**EXERCISE OBJECTIVE**. Please check every line of the listing for "monomials" and copy each line where it is found.

**RECORD EXTRACTS**.
:::::

(* Let $\alpha \in \mathbb{R}_{>0}$ and $M_\alpha = \{f(\alpha) \mid f(x) \in \mathbb{N}_0[x,x^{-1}]\}$ as an additive monoid. The following are equivalent: (a) $M_\alpha$ is an FFM; (b) $M_\alpha$ is a BFM; (c) $M_\alpha$ satisfies the ACCP.
   Context: $\mathbb{N}_0[x,x^{-1}]$ denotes the semiring of Laurent polynomials with coefficients in $\mathbb{N}_0$. For an atomic reduced additive monoid $M$ and nonzero $x \in M$, $\mathsf{Z}(x)$ is the set of factorizations of $x$ (formal sums of atoms, up to order, adding to $x$) and $\mathsf{L}(x)$ the set of their lengths (number of atoms counted with repetition). $M$ is an FFM (finite factorization monoid) if it is atomic and $\mathsf{Z}(x)$ is finite for all nonzero $x$, and a BFM (bounded factorization monoid) if it is atomic and $\mathsf{L}(x)$ is finite for all nonzero $x$. $M$ satisfies the ACCP if every ascending chain of principal ideals $x_1 + M \subseteq x_2 + M \subseteq \cdots$ eventually stabilizes. *)

From Stdlib Require Import Reals List Permutation.
Import ListNotations.
Open Scope R_scope.

(* A Laurent polynomial f with coefficients in N_0 is a finite sum of
   monomials c * x^k (c : nat, k : Z); we represent it by the list of its
   monomials (c, k).  Its evaluation at alpha: *)
Definition laurent_eval (f : list (nat * Z)) (alpha : R) : R :=
  fold_right (fun ck acc => INR (fst ck) * powerRZ alpha (snd ck) + acc) 0 f.

Definition M_alpha (alpha : R) (x : R) : Prop :=
  exists f : list (nat * Z), x = laurent_eval f alpha.

Section Monoid.
Variable M : R -> Prop.

Definition is_unit (u : R) : Prop := M u /\ exists v, M v /\ u + v = 0.

Definition is_atom (a : R) : Prop :=
  M a /\ ~ is_unit a /\
  forall b c, M b -> M c -> a = b + c -> is_unit b \/ is_unit c.

Definition sumR (l : list R) : R := fold_right Rplus 0 l.

(* a factorization of x: a finite formal sum of atoms adding to x
   (lists, identified up to order via Permutation) *)
Definition is_factorization (x : R) (z : list R) : Prop :=
  Forall is_atom z /\ sumR z = x.

Definition nonzero_el (x : R) : Prop := M x /\ x <> 0.

Definition atomic : Prop :=
  forall x, nonzero_el x -> exists z, is_factorization x z.

Definition FFM : Prop :=
  atomic /\
  forall x, nonzero_el x ->
    exists F : list (list R),
      forall z, is_factorization x z -> exists z', In z' F /\ Permutation z z'.

(* L(x) finite (a set of naturals is finite iff bounded) *)
Definition BFM : Prop :=
  atomic /\
  forall x, nonzero_el x ->
    exists N : nat, forall z, is_factorization x z -> (length z <= N)%nat.

(* principal ideal inclusion  x + M ⊆ y + M *)
Definition pideal_incl (x y : R) : Prop :=
  forall m, M m -> exists m', M m' /\ x + m = y + m'.

Definition ACCP : Prop :=
  forall s : nat -> R,
    (forall n, M (s n)) ->
    (forall n, pideal_incl (s n) (s (S n))) ->
    exists N, forall n, (N <= n)%nat ->
      pideal_incl (s n) (s N) /\ pideal_incl (s N) (s n).
End Monoid.

From Stdlib Require Import Reals List Permutation Lia Lra ZArith.
From Stdlib Require Import Classical ClassicalEpsilon FunctionalExtensionality PropExtensionality.
Import ListNotations.
Open Scope R_scope.

(* Under ACCP, 1 is an atom, so the atoms of M_alpha are exactly the powers
   alpha^k and M_alpha is atomic.  As M_(1/alpha) = M_alpha and M_1 = N_0, only
   alpha < 1 needs work.  There a relation sum alpha^p = sum alpha^z with all
   p <= K < z telescopes to some u > 0 with (1 - alpha) u in M_alpha, so
   u, alpha u, alpha^2 u, ... violates ACCP.  Without such relations, an element
   with infinitely many factorizations always has a proper divisor y - alpha^k
   with infinitely many factorizations, and iterating violates ACCP again.
   Conversely, BFM implies ACCP because every strict step of a chain of
   divisors costs an atom. *)

Lemma sumR_app l1 l2 : sumR (l1 ++ l2) = sumR l1 + sumR l2.
Proof. induction l1 as [|x l1 IH]; unfold sumR in *; simpl; lra. Qed.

:::::

**SOLVED PROBLEM**.
   monomials c * x^k (c : nat, k : Z); we represent it by the list of its
   monomials (c, k).  Its evaluation at alpha: *)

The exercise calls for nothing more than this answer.